Task to complete | Scan the entries for lines with the word "dotpDr" and copy those lines.

Input data |
********************
(* For a play (b_n, m_n) of H_Cat(I,F), the condition "the m_n are defined
   infinitely often and F(g~) = {b_n : n}" splits into countably many
   requirements, and continuity of F makes each of them decided by a finite
   part of the play.  Such a G_delta condition becomes a Buchi condition (a set
   of finite positions is visited infinitely often) by counting how many
   requirements have already been secured, and Buchi games are determined:
   either II has a set Z of positions from each of which she can force a visit
   followed by a return to Z, or I has a well-founded family of traps in which
   each visit costs him one level.
   For G_Cat(I), a strategy of II in H is played forgetting the m_n, and a
   strategy tau of I in H yields the strategy playing the finite union of the
   answers of tau to all legal m's; if II ever produced an I-positive set, the
   surjectivity of F would give m's defeating tau.  Co-analyticity of I is
   needed only for such an F to exist. *)

From Stdlib Require Import Bool Arith List Lia ClassicalEpsilon Classical FunctionalExtensionality.
Import ListNotations.

Lemma prefix_S {A} (s : nat -> A) n : prefix s (S n) = prefix s n ++ [s n].
Proof. unfold prefix. rewrite seq_S, map_app. reflexivity. Qed.

Lemma prefix_length {A} (s : nat -> A) n : length (prefix s n) = n.
Proof. unfold prefix. rewrite length_map, length_seq. reflexivity. Qed.

Lemma prefix_map {A B} (f : A -> B) (s : nat -> A) n :
  map f (prefix s n) = prefix (fun i => f (s i)) n.
Proof. unfold prefix. apply map_map. Qed.

Lemma prefix_eq_iff {A} (a b : nat -> A) n :
  prefix a n = prefix b n <-> forall i, i < n -> a i = b i.
Proof.
  split.
  - induction n as [|n IH]; intros Hab i Hi; [lia|].
    rewrite !prefix_S in Hab. apply app_inj_tail in Hab as [Hab Hn].
    destruct (Nat.eq_dec i n) as [->|]; [exact Hn|]. apply IH; [exact Hab|lia].
  - intros Hab. apply map_ext_in. intros i Hi%in_seq. apply Hab. lia.
Qed.
(* Let $E$ be an IL FS encoder with $s$ states whose Kraft matrix is irreducible, let $L_{\max}=\max_{z,x}L[f(z,x)]$, let $\ell$ be a positive integer, and let $(Z,X^\ell)$ be random variables with an arbitrary joint distribution $P$ on $\mathcal{Z}\times\mathcal{X}^\ell$. Then $$\frac{\mathbb{E}\{L[f(Z,X^\ell)]\}}{\ell}\ \ge\ \frac{H(Z,X^\ell)}{\ell}-\frac{2\log_2 s+(s-1)L_{\max}}{\ell}\ \ge\ \frac{H(X^\ell)}{\ell}-\frac{2\log_2 s+(s-1)L_{\max}}{\ell},$$ where entropies are in bits. If moreover the marginal of $X^\ell$ is the $\ell$-dimensional marginal of a stationary process, then $$\frac{\mathbb{E}\{L[f(Z,X^\ell)]\}}{\ell}\ \ge\ H(X_\ell\mid X^{\ell-1})-\frac{2\log_2 s+(s-1)L_{\max}}{\ell}.$$
   Context: A finite-state (FS) encoder is a quintuple $E=(\mathcal{X},\mathcal{Y},\mathcal{Z},f,g)$, where $\mathcal{X}$ is a finite source alphabet of size $\alpha$, $\mathcal{Y}$ is a finite set of binary strings (possibly containing the empty string, of length $0$), $\mathcal{Z}$ is a finite set of $s$ states, $f:\mathcal{Z}\times\mathcal{X}\to\mathcal{Y}$ is the output function and $g:\mathcal{Z}\times\mathcal{X}\to\mathcal{Z}$ is the next-state function. For $z\in\mathcal{Z}$ and $x^n=(x_1,\dots,x_n)\in\mathcal{X}^n$, set $z_1=z$, $z_{i+1}=g(z_i,x_i)$; write $g(z,x^n)=z_{n+1}$ and let $f(z,x^n)$ denote the binary string obtained by concatenating $f(z_1,x_1),\dots,f(z_n,x_n)$; its length is $L[f(z,x^n)]=\sum_{i=1}^n L[f(z_i,x_i)]$, where $L(\cdot)$ denotes the length of a binary string. The encoder is information lossless (IL) if for every $z\in\mathcal{Z}$ and every $n\ge1$, the map $x^n\mapsto (f(z,x^n),g(z,x^n))$ is injective on $\mathcal{X}^n$. The Kraft matrix of $E$ is the $s\times s$ nonnegative matrix $K$ with entries $K_{zz'}=\sum_{\{x\in\mathcal{X}:\ g(z,x)=z'\}}2^{-L[f(z,x)]}$ (an empty sum is $0$). *)

From HB Require Import structures.
From mathcomp Require Import all_boot all_order all_algebra.
From mathcomp Require Import reals exp.
Set Implicit Arguments. Unset Strict Implicit. Unset Printing Implicit Defensive.
Import Order.TTheory GRing.Theory Num.Theory.
Local Open Scope ring_scope.

Section FS.
Variable R : realType.

(* logarithm base 2 (ln 0 = 0 in mathcomp-analysis, so 0 * log2 0 = 0) *)
Definition log2 (x : R) : R := ln x / ln 2.

Variables (X : finType) (s : nat).
Variables (f : 'I_s -> X -> seq bool) (g : 'I_s -> X -> 'I_s).

Fixpoint fstar (z : 'I_s) (xs : seq X) : seq bool :=
  if xs is x :: xs' then f z x ++ fstar (g z x) xs' else [::].

Fixpoint gstar (z : 'I_s) (xs : seq X) : 'I_s :=
  if xs is x :: xs' then gstar (g z x) xs' else z.

Definition IL : Prop :=
  forall (z : 'I_s) (n : nat), (0 < n)%N ->
    injective (fun xs : n.-tuple X => (fstar z xs, gstar z xs)).

Definition kraft_matrix : 'M[R]_s :=
  \matrix_(z, z') \sum_(x : X | g z x == z') 2%:R ^- size (f z x).

Definition irreducible_mx (n : nat) (A : 'M[R]_n) : Prop :=
  forall i j : 'I_n, exists m : nat,
    0 < (iter m (fun B => B *m A) 1%:M) i j.

Definition Lmax : nat := \max_(zx : 'I_s * X) size (f zx.1 zx.2).

End FS.

Section Prob.
Variable R : realType.

Definition is_pmf (T : finType) (P : T -> R) : Prop :=
  (forall t, 0 <= P t) /\ \sum_t P t = 1.

Definition entropy (T : finType) (P : T -> R) : R :=
  - \sum_t P t * log2 (P t).

(* The law of a stationary process on X, given by its cylinder
   probabilities mu w = Pr[(X_1,...,X_|w|) = w]: a consistent, shift-invariant
   family of finite-dimensional distributions (Kolmogorov). *)
Definition stationary_process (X : finType) (mu : seq X -> R) : Prop :=
  [/\ mu [::] = 1,
      forall w, 0 <= mu w,
      forall w, \sum_(x : X) mu (rcons w x) = mu w
    & forall w, \sum_(x : X) mu (x :: w) = mu w].

Definition cond_entropy_last (X : finType) (mu : seq X -> R) (l : nat) : R :=
  - \sum_(xs : l.-tuple X) mu xs * log2 (mu xs / mu (take l.-1 xs)).

End Prob.

From HB Require Import structures.
From mathcomp Require Import all_boot all_order all_algebra.
From mathcomp Require Import reals exp.
From mathcomp Require Import lra zify.
Import Order.TTheory GRing.Theory Num.Theory.
Local Open Scope ring_scope.

Set Implicit Arguments.
Unset Strict Implicit.
Unset Printing Implicit Defensive.

(* Write [K_n(z,z')] for the sum of [2^-L[f(z,w)]] over the input words [w]
   of length [n] driving [z] to [z']: it is the [(z,z')] entry of the [n]-th
   power of the Kraft matrix, and it is supermultiplicative along
   concatenation of words. Information losslessness makes the words from [z]
   to [z'] produce distinct outputs of length at most [n Lmax], so [K_n(z,z')]
   grows at most linearly in [n]; hence the return sums [K_n(z,z)] never
   exceed 1, for otherwise their powers would grow exponentially.
   Irreducibility lets [z'] return to [z] along a word of length [< s],
   contributing at least [2^-(s-1)Lmax], so [K_n(z,z') <= 2^((s-1)Lmax)] and
   the Kraft sum over all [(z, x^l)] is at most [s^2 2^((s-1)Lmax)]. Gibbs'
   inequality against these weights gives the first bound. The second is
   monotonicity of entropy under marginalization, and the third is the chain
   rule together with the fact that [H(X_k | X^(k-1))] is nonincreasing in [k]
   for a stationary process. *)

Section Words.
Variable T : finType.
(* Let $n=1$, $0<\alpha<1$, and on $\mathbb{R}$ let $d\sigma(y)=e^y\,dy$ and $d\omega(x)=\mathbf{1}_{[0,1]}(x)\,dx$. Then $A_2^\alpha(\sigma,\omega)=\infty$, while there is a constant $C=C(\alpha)<\infty$ such that $$\int_I|I_\alpha(\mathbf{1}_I\sigma)|^2\,d\omega\le C\,|3I|_\sigma\quad\text{for every bounded interval } I\subset\mathbb{R},$$ i.e. $\mathfrak{T}_{I_\alpha}(3)(\sigma,\omega)<\infty$.
   Context: On $\mathbb{R}$, $I_\alpha(f\mu)(x)=\int|x-y|^{\alpha-1}f(y)\,d\mu(y)$. For an interval $I$, $3I$ is the concentric interval of three times the length, $|I|_\mu=\mu(I)$. $A_2^\alpha(\sigma,\omega)=\sup_I\frac{|I|_\sigma|I|_\omega}{|I|^{2(1-\alpha)}}$ over intervals $I$. $\mathfrak{T}_{I_\alpha}(3)(\sigma,\omega)$ is the best constant $C$ in $\int_I|I_\alpha(\mathbf{1}_I\sigma)|^2d\omega\le C^2|3I|_\sigma$ over all intervals $I$. *)

From Stdlib Require Import Reals Lra ClassicalEpsilon.
Open Scope R_scope.

(* Integral of a nonnegative function over [a,b] (a <= b), defined as the
   lower (Darboux) integral: the supremum of the integrals of step functions
   lying below f on [a,b].  For nonnegative functions that are continuous
   except at finitely many points (possibly with integrable singularities)
   this coincides with the Lebesgue integral. *)
Definition lower_sums (f : R -> R) (a b : R) : R -> Prop :=
  fun r => exists phi : StepFun a b,
    (forall t, a <= t <= b -> phi t <= f t) /\ r = RiemannInt_SF phi.

Definition int_finite (f : R -> R) (a b : R) : Prop :=
  bound (lower_sums f a b).

(* Value of the integral (meaningful when int_finite holds; 0 otherwise). *)
Definition nnint (f : R -> R) (a b : R) : R :=
  match excluded_middle_informative
          (bound (lower_sums f a b) /\ exists x, lower_sums f a b x) with
  | left H => proj1_sig (completeness _ (proj1 H) (proj2 H))
  | right _ => 0
  end.

Definition sigma_dens (y : R) : R := exp y.
Definition omega_dens (x : R) : R :=
  if Rle_dec 0 x then (if Rle_dec x 1 then 1 else 0) else 0.

Definition sigma_meas (a b : R) : R := nnint sigma_dens a b.
Definition omega_meas (a b : R) : R := nnint omega_dens a b.

Definition frac_kernel (alpha x y : R) : R :=
  Rpower (Rabs (x - y)) (alpha - 1) * sigma_dens y.

Definition I_alpha_sigma (alpha a b x : R) : R :=
  nnint (frac_kernel alpha x) a b.

Definition A2_quot (alpha a b : R) : R :=
  sigma_meas a b * omega_meas a b / Rpower (b - a) (2 * (1 - alpha)).

Definition testing_integrand (alpha a b : R) (x : R) : R :=
  (I_alpha_sigma alpha a b x) ^ 2 * omega_dens x.

From Stdlib Require Import Reals Lra Lia RList ClassicalEpsilon.
Open Scope R_scope.
(* Let $R\colon\mathbb R^d\to\mathbb R$, $R(\mathbf x)=\sum_{i=1}^p\psi_i(\mathbf w_i^T\mathbf x)$ with $\mathbf w_i\in\mathbb R^d$ and convex $\psi_i\in C^{1,1}(\mathbb R)$, let $L=\mathrm{Lip}(\nabla R)$, $\lambda\ge0$, and $t\ge1$ an integer. For $\mathbf y\in\mathbb R^d$ define $\mathbf x_0=\mathbf y$ and $\mathbf x_{k+1}=\mathbf x_k-\alpha\bigl((\mathbf x_k-\mathbf y)+\lambda\nabla R(\mathbf x_k)\bigr)$, and let the $t$-step denoiser be the map $\mathbf y\mapsto\mathbf x_t$. If $\alpha\in[0,2/(2+\lambda L)]$, then the $t$-step denoiser is averaged.
   Context: A map $\mathbf D\colon\mathbb R^d\to\mathbb R^d$ is averaged if $\mathbf D=\beta\mathbf N+(1-\beta)\mathbf{Id}$ for some $\beta\in(0,1)$ and some nonexpansive (1-Lipschitz) map $\mathbf N\colon\mathbb R^d\to\mathbb R^d$. $C^{1,1}(\mathbb R)$ is the set of differentiable functions with Lipschitz-continuous derivative. *)

From HB Require Import structures.
From mathcomp Require Import all_boot all_order all_algebra.
From mathcomp Require Import all_classical all_reals all_analysis.
Set Implicit Arguments. Unset Strict Implicit. Unset Printing Implicit Defensive.
Import Order.TTheory GRing.Theory Num.Theory.
Import numFieldNormedType.Exports.
Local Open Scope ring_scope.

Section Defs.
Variables (R : realType) (d : nat).

Definition dotp (u v : 'rV[R]_d) : R := \sum_(j < d) u ord0 j * v ord0 j.
Definition enorm (u : 'rV[R]_d) : R := Num.sqrt (dotp u u).

Definition nonexpansive (N : 'rV[R]_d -> 'rV[R]_d) : Prop :=
  forall x y, enorm (N x - N y) <= enorm (x - y).

Definition averaged (D : 'rV[R]_d -> 'rV[R]_d) : Prop :=
  exists beta : R, 0 < beta < 1 /\
    exists N : 'rV[R]_d -> 'rV[R]_d, nonexpansive N /\
      forall x, D x = beta *: N x + (1 - beta) *: x.

Definition lipschitz_vec (L : R) (G : 'rV[R]_d -> 'rV[R]_d) : Prop :=
  0 <= L /\ forall x y, enorm (G x - G y) <= L * enorm (x - y).

Definition ridge (p : nat) (w : 'I_p -> 'rV[R]_d) (psi : 'I_p -> R -> R)
  (x : 'rV[R]_d) : R := \sum_(i < p) psi i (dotp (w i) x).

(* its gradient (chain rule), given dpsi i = psi_i' *)
Definition ridge_grad (p : nat) (w : 'I_p -> 'rV[R]_d) (dpsi : 'I_p -> R -> R)
  (x : 'rV[R]_d) : 'rV[R]_d := \sum_(i < p) dpsi i (dotp (w i) x) *: w i.

(* one gradient step on  x |-> 1/2 |x - y|^2 + lambda R(x) *)
Definition denoise_step (G : 'rV[R]_d -> 'rV[R]_d) (alpha lambda : R)
  (y x : 'rV[R]_d) : 'rV[R]_d := x - alpha *: ((x - y) + lambda *: G x).

Definition t_step_denoiser (G : 'rV[R]_d -> 'rV[R]_d) (alpha lambda : R)
  (t : nat) (y : 'rV[R]_d) : 'rV[R]_d := iter t (denoise_step G alpha lambda y) y.

End Defs.

Definition convex_fun (R : realType) (f : R -> R) : Prop :=
  forall x y (s : R), 0 <= s <= 1 -> f (s * x + (1 - s) * y) <= s * f x + (1 - s) * f y.

Definition lipschitz_real (R : realType) (L : R) (g : R -> R) : Prop :=
  forall a b : R, `|g a - g b| <= L * `|a - b|.

(* Since ridge_grad is the gradient of the convex function ridge and is
   L-Lipschitz, the descent lemma and the Baillon-Haddad argument make it
   (1/L)-cocoercive, i.e. ridge_grad - (L/2) Id is (L/2)-Lipschitz.  With
   c = 1/(2 + lambda L), one denoising step rewrites x_{k+1} - c y as
   q (x_k - c y) + (alpha/2) y - alpha lambda (ridge_grad - (L/2) Id) x_k where
   q = 1 - alpha (2 + lambda L)/2 >= 0, so by induction on t
   |(x_t - x'_t) - c (y - y')| <= (1 - c) |y - y'|.  This says precisely that
   the t-step denoiser is (1 - c) N + c Id with N nonexpansive. *)

From HB Require Import structures.
From mathcomp Require Import all_boot all_order all_algebra.
From mathcomp Require Import all_classical all_reals all_analysis.
From mathcomp Require Import ring lra.
Set Implicit Arguments.
Unset Strict Implicit.
Unset Printing Implicit Defensive.

Import Order.TTheory GRing.Theory Num.Theory.
Import numFieldNormedType.Exports.
Local Open Scope ring_scope.

Section Euclidean.
Variables (R : realType) (d : nat).
Implicit Types (a : R) (g u v z : 'rV[R]_d).

Lemma dotpC u v : dotp u v = dotp v u.
Proof. by apply: eq_bigr => j _; rewrite mulrC. Qed.

Lemma dotpDl u v z : dotp (u + v) z = dotp u z + dotp v z.
Proof. by rewrite /dotp -big_split; apply: eq_bigr => j _; rewrite mxE mulrDl. Qed.

Lemma dotpZl a u v : dotp (a *: u) v = a * dotp u v.
Proof. by rewrite /dotp mulr_sumr; apply: eq_bigr => j _; rewrite mxE mulrA. Qed.

Lemma dotpNl u v : dotp (- u) v = - dotp u v.
Proof. by rewrite -scaleN1r dotpZl mulN1r. Qed.

Lemma dotpBl u v z : dotp (u - v) z = dotp u z - dotp v z.
Proof. by rewrite dotpDl dotpNl. Qed.

Lemma dotpDr u v z : dotp z (u + v) = dotp z u + dotp z v.
Proof. by rewrite !(dotpC z) dotpDl. Qed.

Lemma dotpZr a u v : dotp v (a *: u) = a * dotp v u.
Proof. by rewrite !(dotpC v) dotpZl. Qed.

Lemma dotpNr u v : dotp v (- u) = - dotp v u.
Proof. by rewrite !(dotpC v) dotpNl. Qed.

Lemma dotpBr u v z : dotp z (u - v) = dotp z u - dotp z v.
Proof. by rewrite dotpDr dotpNr. Qed.

Lemma dotp0l v : dotp 0 v = 0.
Proof. by rewrite -(scale0r 0) dotpZl mul0r. Qed.

Lemma dotp0r v : dotp v 0 = 0.
Proof. by rewrite dotpC dotp0l. Qed.

Lemma dotp_suml n (f : 'I_n -> 'rV[R]_d) v :
  dotp (\sum_(i < n) f i) v = \sum_(i < n) dotp (f i) v.
Proof.
by apply: (big_morph (fun u => dotp u v)) => [x y|]; rewrite ?dotpDl ?dotp0l.
Qed.

Lemma dotpp_ge0 u : 0 <= dotp u u.
Proof. by apply: sumr_ge0 => j _; rewrite -expr2 sqr_ge0. Qed.

Lemma dotpp_eq0 u : (dotp u u == 0) = (u == 0).
Proof.
apply/idP/eqP => [|->]; last by rewrite dotp0l.
rewrite psumr_eq0 => [/allP u0|j _]; last by rewrite -expr2 sqr_ge0.
apply/rowP => j; have /implyP := u0 j (mem_index_enum j).
by rewrite -expr2 sqrf_eq0 mxE => /(_ isT)/eqP.
Qed.

Lemma enorm_ge0 u : 0 <= enorm u.
Proof. exact: sqrtr_ge0. Qed.

Lemma enorm_sqr u : enorm u ^+ 2 = dotp u u.
Proof. by rewrite sqr_sqrtr // dotpp_ge0. Qed.

Lemma enorm_eq0 u : (enorm u == 0) = (u == 0).
Proof. by rewrite -sqrf_eq0 enorm_sqr dotpp_eq0. Qed.

Lemma enormZ a u : enorm (a *: u) = `|a| * enorm u.
Proof. by rewrite /enorm dotpZl dotpZr mulrA -expr2 sqrtrM ?sqr_ge0 // sqrtr_sqr. Qed.

Lemma enormN u : enorm (- u) = enorm u.
Proof. by rewrite -scaleN1r enormZ normrN normr1 mul1r. Qed.

Lemma cauchy_schwarz u v : dotp u v <= enorm u * enorm v.
Proof.
have [->|u0] := eqVneq u 0; first by rewrite dotp0l /enorm dotp0l sqrtr0 mul0r.
have [->|v0] := eqVneq v 0; first by rewrite dotp0r /enorm dotp0r sqrtr0 mulr0.
have uv_gt0 : 0 < enorm u * enorm v by rewrite mulr_gt0 // lt_def enorm_eq0 ?u0 ?v0 enorm_ge0.
have := dotpp_ge0 (enorm v *: u - enorm u *: v).
rewrite !(dotpBl, dotpBr, dotpZl, dotpZr) -!enorm_sqr (dotpC v u) => sq_ge0.
by rewrite -(ler_pM2l uv_gt0); nra.
Qed.

Lemma enormD u v : enorm (u + v) <= enorm u + enorm v.
Proof.
rewrite -[leRHS]ger0_norm ?addr_ge0 ?enorm_ge0 // -sqrtr_sqr ler_sqrt ?sqr_ge0 //.
rewrite !(dotpDl, dotpDr) sqrrD -!enorm_sqr (dotpC v u).
have := cauchy_schwarz u v; lra.
Qed.

Lemma enorm_subZ_half_le (L : R) g u :
  0 <= L -> dotp g g <= L * dotp g u -> enorm (g - (L / 2) *: u) <= L / 2 * enorm u.
Proof.
move=> L_ge0 g_le.
rewrite -(@ler_pXn2r _ 2) ?nnegrE ?mulr_ge0 ?divr_ge0 ?enorm_ge0 //.
rewrite exprMn !enorm_sqr !(dotpBl, dotpBr, dotpZl, dotpZr) (dotpC u g).
nra.
Qed.

End Euclidean.

Section RealCalculus.
Variable R : realType.
Implicit Types (f g : R -> R) (a b s x l C K : R).

Lemma is_derive1_comp f g x (df dg : R) :
  is_derive x 1 g dg -> is_derive (g x) 1 f df -> is_derive x 1 (f \o g) (df * dg).
Proof.
move=> [gx gx_dg] [fgx fgx_df].
have fg_x : derivable (f \o g) x 1.
  by apply/derivable1_diffP/differentiable_comp; apply/derivable1_diffP.
apply: DeriveDef => //.
by rewrite -derive1E derive1_comp // !derive1E fgx_df gx_dg.
Qed.

Lemma is_derive_affine a b s : is_derive s 1 (fun s : R => a + s * b) b.
Proof.
have -> : (fun s : R => a + s * b) = cst a + ( *%R^~ b) by [].
by apply: is_derive_eq; rewrite scaler0 !add0r [_%:A]mulr1.
Qed.

Lemma derive_le_slope f x l C :
  is_derive x 1 f l -> (forall h, 0 < h <= 1 -> f (x + h) - f x <= h * C) -> l <= C.
Proof.
move=> [fx <-] slope.
rewrite ['D_1 f x]cvg_at_rightE //; apply: limr_le.
  rewrite -(cvg_at_rightE (fun h : R => h^-1 *: ((f \o shift x) _ - f x))) //.
  apply: cvg_trans fx; apply: cvg_app.
  move=> A [e e_gt0 Ae]; exists e => // y ye y_gt0; apply: Ae => //.
  exact/lt0r_neq0.
near=> h.
have h_gt0 : 0 < h by near: h; exact: nbhs_right_gt.
have h_le1 : h <= 1 by near: h; exact: nbhs_right_le.
rewrite /= [h *: 1]mulr1 (addrC h x) -[_ *: _]/(h^-1 * _) ler_pdivrMl //.
by apply: slope; rewrite h_gt0.
Unshelve. all: by end_near. Qed.

Lemma convex_fun_tangent_le f (df : R -> R) a b :
  (forall x, is_derive x 1 f (df x)) -> convex_fun f -> f a + df a * (b - a) <= f b.
Proof.
move=> f_df f_cvx.
pose line s := a + s * (b - a).
have line_df : is_derive (0 : R) 1 (f \o line) (df a * (b - a)).
  have := is_derive1_comp (is_derive_affine a (b - a) 0) (f_df (line 0)).
  by rewrite /line mul0r addr0.
suff : df a * (b - a) <= f b - f a by lra.
apply: derive_le_slope line_df _ => h /andP[h_gt0 h_le1].
have := f_cvx b a h; rewrite ltW // h_le1 => /(_ isT).
rewrite /line /= add0r mul0r addr0 (_ : h * b + (1 - h) * a = a + h * (b - a)); first lra.
ring.
Qed.

Lemma le_taylor1_quadratic f (df : R -> R) K :
  (forall s, is_derive s 1 f (df s)) -> (forall s, 0 <= s -> df s - df 0 <= K * s) ->
  f 1 <= f 0 + df 0 + K / 2.
Proof.
move=> f_df df_le.
pose g := f - ( *%R^~ (df 0)) - (fun s => K / 2 * (s * s)).
have g_dg s : is_derive s 1 g (df s - df 0 - K * s).
  apply: is_derive_eq.
  by rewrite scaler0 add0r ![_%:A]mulr1 -[(K / 2) *: _]/(K / 2 * (s + s)); lra.
have [c c01 g1] := MVT ltr01 (fun x _ => g_dg x)
  (derivable_within_continuous (fun x _ => @ex_derive _ _ _ _ _ _ _ (g_dg x))).
have c_gt0 : 0 < c by rewrite (itvP c01).
have := df_le c (ltW c_gt0).
move: g1; rewrite /g /= !fctE !mul0r !mul1r !mulr0 subr0 mulr1; lra.
Qed.

End RealCalculus.


Section SmoothConvex.
Variables (R : realType) (d : nat) (F : 'rV[R]_d -> R) (G : 'rV[R]_d -> 'rV[R]_d) (L : R).
Hypothesis F_line_derive : forall (z v : 'rV[R]_d) (s : R),
  is_derive s 1 (fun s => F (z + s *: v)) (dotp (G (z + s *: v)) v).
Hypothesis G_lipschitz : lipschitz_vec L G.

Lemma descent_le z v : F (z + v) <= F z + dotp (G z) v + L / 2 * dotp v v.
Proof.
have := le_taylor1_quadratic (F_line_derive z v) (K := L * dotp v v).
rewrite scale1r scale0r addr0 mulrAC; apply => s s_ge0.
rewrite -dotpBl; apply: le_trans (cauchy_schwarz _ _) _.
have := G_lipschitz.2 (z + s *: v) z; rewrite addrAC subrr add0r enormZ ger0_norm //.
rewrite -enorm_sqr (_ : L * _ * s = L * (s * enorm v) * enorm v); last by ring.
by move/(ler_wpM2r (enorm_ge0 v)).
Qed.

Hypothesis F_tangent_le : forall x z, F x + dotp (G x) (z - x) <= F z.

Lemma tangent_gap_ge x z : 0 < L ->
  dotp (G z - G x) (G z - G x) / (2 * L) <= F z - F x - dotp (G x) (z - x).
Proof.
move=> L_gt0; set g := G z - G x.
(* compare the tangent at x with the descent bound at z in the direction -g/L *)
pose v := - L^-1 *: g.
have lower := F_tangent_le x (z + v); have upper := descent_le z v.
have shift : dotp (G x) (z + v - x) = dotp (G x) (z - x) + dotp (G x) v.
  by rewrite addrAC; apply: dotpDr.
have slope : dotp (G z) v - dotp (G x) v = - (dotp g g / L).
  by rewrite -dotpBl -/g dotpZr; ring.
have curv : L / 2 * dotp v v = dotp g g / (2 * L).
  by rewrite dotpZl dotpZr; field; rewrite gt_eqF.
have halves : dotp g g / (2 * L) + dotp g g / (2 * L) = dotp g g / L.
  by field; rewrite gt_eqF.
lra.
Qed.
********************
Response |
Lemma dotpDr u v z : dotp z (u + v) = dotp z u + dotp z v.
Proof. by rewrite dotpDr dotpNr. Qed.
rewrite !(dotpDl, dotpDr) sqrrD -!enorm_sqr (dotpC v u).
  by rewrite addrAC; apply: dotpDr.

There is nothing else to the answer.